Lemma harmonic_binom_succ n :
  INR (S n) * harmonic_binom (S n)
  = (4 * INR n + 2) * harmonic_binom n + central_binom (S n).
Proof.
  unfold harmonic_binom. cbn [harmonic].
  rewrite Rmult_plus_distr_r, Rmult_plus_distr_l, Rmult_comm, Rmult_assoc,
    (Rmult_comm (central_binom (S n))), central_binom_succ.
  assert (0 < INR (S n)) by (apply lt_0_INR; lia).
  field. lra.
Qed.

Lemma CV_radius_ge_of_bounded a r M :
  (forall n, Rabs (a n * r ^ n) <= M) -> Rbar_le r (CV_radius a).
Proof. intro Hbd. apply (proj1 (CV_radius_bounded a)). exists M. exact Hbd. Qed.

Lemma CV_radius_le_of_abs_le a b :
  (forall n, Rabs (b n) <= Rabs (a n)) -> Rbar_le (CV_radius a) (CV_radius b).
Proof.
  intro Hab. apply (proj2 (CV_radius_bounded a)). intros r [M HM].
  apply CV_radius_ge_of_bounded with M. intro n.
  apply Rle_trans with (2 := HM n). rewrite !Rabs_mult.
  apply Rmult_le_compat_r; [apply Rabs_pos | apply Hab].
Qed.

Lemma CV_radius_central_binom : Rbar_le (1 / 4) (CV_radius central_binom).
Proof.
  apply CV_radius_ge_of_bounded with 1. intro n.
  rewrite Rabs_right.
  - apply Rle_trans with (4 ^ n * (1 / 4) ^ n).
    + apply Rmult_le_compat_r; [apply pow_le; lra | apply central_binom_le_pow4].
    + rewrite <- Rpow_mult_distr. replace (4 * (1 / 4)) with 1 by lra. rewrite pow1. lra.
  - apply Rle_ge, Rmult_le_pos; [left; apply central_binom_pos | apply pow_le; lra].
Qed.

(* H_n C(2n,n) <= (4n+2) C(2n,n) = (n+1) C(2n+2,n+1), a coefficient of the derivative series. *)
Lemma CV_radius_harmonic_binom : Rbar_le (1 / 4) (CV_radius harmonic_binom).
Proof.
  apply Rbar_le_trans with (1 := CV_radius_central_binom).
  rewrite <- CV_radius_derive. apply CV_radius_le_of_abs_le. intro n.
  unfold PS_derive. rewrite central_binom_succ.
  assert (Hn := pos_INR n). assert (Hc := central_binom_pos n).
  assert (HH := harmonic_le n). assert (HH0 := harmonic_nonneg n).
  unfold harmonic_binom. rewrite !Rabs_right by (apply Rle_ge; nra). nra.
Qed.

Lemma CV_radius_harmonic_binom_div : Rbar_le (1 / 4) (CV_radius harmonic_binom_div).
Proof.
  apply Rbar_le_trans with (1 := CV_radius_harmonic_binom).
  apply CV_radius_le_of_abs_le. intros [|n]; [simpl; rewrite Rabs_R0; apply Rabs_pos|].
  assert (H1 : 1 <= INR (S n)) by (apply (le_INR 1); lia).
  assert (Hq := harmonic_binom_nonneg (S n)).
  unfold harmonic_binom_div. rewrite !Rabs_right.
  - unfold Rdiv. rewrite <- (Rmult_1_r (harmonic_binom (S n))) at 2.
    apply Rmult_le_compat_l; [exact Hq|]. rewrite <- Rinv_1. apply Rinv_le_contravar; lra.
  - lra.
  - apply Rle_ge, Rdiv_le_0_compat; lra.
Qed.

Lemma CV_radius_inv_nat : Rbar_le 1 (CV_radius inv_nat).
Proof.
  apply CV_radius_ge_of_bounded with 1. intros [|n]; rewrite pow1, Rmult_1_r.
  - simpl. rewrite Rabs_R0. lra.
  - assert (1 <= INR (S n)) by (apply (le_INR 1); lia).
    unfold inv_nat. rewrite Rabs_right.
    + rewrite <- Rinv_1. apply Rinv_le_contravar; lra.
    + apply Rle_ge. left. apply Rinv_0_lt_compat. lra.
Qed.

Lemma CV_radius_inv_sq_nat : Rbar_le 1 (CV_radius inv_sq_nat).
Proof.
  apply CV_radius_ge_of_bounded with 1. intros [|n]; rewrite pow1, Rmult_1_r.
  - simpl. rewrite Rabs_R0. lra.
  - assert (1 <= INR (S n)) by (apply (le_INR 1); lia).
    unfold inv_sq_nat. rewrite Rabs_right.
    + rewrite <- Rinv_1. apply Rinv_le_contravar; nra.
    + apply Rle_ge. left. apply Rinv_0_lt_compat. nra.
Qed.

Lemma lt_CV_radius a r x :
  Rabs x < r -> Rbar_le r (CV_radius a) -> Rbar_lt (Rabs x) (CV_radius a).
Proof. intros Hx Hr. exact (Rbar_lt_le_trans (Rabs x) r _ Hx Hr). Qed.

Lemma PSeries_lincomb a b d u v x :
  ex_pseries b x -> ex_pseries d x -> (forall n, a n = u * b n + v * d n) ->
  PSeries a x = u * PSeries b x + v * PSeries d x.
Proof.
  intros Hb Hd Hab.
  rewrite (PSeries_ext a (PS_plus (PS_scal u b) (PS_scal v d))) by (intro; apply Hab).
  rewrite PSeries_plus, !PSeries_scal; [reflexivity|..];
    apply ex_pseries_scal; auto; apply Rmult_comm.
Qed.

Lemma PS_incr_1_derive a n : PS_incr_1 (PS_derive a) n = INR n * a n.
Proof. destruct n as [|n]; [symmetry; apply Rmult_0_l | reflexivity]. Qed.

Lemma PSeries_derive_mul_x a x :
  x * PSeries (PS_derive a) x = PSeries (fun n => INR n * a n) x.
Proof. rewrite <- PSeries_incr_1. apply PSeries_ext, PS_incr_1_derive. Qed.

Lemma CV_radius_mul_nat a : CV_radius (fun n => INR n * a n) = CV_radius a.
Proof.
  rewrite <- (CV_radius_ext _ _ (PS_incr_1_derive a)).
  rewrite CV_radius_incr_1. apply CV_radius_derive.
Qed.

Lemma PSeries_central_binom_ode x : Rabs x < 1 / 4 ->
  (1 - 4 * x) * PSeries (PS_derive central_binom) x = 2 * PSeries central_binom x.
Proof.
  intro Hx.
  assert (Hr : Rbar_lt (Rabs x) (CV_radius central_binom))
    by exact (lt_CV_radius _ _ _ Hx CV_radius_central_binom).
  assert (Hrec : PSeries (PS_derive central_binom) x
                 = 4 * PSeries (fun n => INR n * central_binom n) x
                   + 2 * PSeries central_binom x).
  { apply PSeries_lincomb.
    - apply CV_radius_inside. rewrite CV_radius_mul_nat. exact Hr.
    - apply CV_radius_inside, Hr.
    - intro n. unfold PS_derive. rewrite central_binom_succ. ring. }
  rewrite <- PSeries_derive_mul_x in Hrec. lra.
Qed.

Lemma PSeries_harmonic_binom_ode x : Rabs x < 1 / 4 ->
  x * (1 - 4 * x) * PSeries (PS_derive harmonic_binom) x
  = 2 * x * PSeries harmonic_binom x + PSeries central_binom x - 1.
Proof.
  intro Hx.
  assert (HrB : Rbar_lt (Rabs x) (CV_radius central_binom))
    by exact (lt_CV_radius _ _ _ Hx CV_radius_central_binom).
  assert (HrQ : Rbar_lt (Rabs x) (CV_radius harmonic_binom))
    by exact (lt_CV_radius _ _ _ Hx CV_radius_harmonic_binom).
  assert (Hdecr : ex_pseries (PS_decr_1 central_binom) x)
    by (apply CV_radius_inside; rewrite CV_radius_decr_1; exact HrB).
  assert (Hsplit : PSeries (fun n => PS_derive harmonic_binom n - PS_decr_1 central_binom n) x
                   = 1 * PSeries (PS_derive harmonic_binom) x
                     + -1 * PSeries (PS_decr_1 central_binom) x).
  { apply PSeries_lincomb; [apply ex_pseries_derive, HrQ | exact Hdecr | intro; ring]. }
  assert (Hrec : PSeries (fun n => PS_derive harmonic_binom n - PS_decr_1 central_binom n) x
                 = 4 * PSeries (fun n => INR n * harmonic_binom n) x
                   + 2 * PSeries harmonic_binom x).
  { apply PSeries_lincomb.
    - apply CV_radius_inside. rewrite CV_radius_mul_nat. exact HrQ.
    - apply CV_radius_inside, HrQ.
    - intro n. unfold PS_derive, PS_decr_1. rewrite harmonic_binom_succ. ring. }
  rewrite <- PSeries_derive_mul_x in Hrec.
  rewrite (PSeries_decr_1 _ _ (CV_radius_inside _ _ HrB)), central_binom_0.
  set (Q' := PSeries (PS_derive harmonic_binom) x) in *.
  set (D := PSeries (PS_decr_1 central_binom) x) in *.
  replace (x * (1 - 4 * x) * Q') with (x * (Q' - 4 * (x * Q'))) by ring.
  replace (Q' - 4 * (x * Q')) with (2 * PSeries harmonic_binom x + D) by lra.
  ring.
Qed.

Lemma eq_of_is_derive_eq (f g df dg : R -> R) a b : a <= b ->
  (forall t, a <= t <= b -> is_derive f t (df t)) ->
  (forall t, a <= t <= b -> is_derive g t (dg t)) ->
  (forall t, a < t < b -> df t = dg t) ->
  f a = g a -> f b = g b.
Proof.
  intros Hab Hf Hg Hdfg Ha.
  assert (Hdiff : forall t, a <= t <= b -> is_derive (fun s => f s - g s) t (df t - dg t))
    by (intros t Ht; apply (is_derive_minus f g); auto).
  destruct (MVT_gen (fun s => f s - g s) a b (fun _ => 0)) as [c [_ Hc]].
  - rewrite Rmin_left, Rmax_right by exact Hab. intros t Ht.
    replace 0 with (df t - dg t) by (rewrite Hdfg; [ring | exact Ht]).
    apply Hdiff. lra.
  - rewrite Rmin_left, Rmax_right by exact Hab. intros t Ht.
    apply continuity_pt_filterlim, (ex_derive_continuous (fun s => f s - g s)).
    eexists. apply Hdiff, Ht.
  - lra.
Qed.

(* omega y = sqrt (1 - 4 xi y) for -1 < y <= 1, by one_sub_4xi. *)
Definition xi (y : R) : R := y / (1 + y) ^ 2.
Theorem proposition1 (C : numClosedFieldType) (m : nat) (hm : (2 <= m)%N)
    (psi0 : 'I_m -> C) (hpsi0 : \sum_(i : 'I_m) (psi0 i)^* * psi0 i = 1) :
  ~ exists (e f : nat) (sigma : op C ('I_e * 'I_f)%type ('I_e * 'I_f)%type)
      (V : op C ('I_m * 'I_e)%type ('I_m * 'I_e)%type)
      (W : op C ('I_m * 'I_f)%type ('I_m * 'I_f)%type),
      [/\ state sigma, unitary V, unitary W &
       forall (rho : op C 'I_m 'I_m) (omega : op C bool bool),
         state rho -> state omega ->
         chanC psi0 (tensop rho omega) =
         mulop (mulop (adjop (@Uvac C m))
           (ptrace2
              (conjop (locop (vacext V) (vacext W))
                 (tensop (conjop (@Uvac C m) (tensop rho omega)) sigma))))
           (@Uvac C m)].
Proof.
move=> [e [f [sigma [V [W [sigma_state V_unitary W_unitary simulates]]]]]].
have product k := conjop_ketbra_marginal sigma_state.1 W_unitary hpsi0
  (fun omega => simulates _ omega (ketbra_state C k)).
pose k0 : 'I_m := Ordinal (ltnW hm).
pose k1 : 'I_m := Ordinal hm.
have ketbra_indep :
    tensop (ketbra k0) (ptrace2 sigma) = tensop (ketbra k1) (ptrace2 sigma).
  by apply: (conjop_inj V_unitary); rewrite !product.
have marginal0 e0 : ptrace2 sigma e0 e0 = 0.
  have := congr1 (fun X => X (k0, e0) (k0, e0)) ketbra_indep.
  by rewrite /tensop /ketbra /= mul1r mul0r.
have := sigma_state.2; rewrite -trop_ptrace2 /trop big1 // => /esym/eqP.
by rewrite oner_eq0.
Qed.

What you need to do: Reproducing the whole listing above is not the task. Copy exactly only the lines from the one with "(* H_n C(2n,n)" to the one with "rewrite <- CV_radius_derive.", both kept.

Result:
(* H_n C(2n,n) <= (4n+2) C(2n,n) = (n+1) C(2n+2,n+1), a coefficient of the derivative series. *)
Lemma CV_radius_harmonic_binom : Rbar_le (1 / 4) (CV_radius harmonic_binom).
Proof.
  apply Rbar_le_trans with (1 := CV_radius_central_binom).
  rewrite <- CV_radius_derive. apply CV_radius_le_of_abs_le. intro n.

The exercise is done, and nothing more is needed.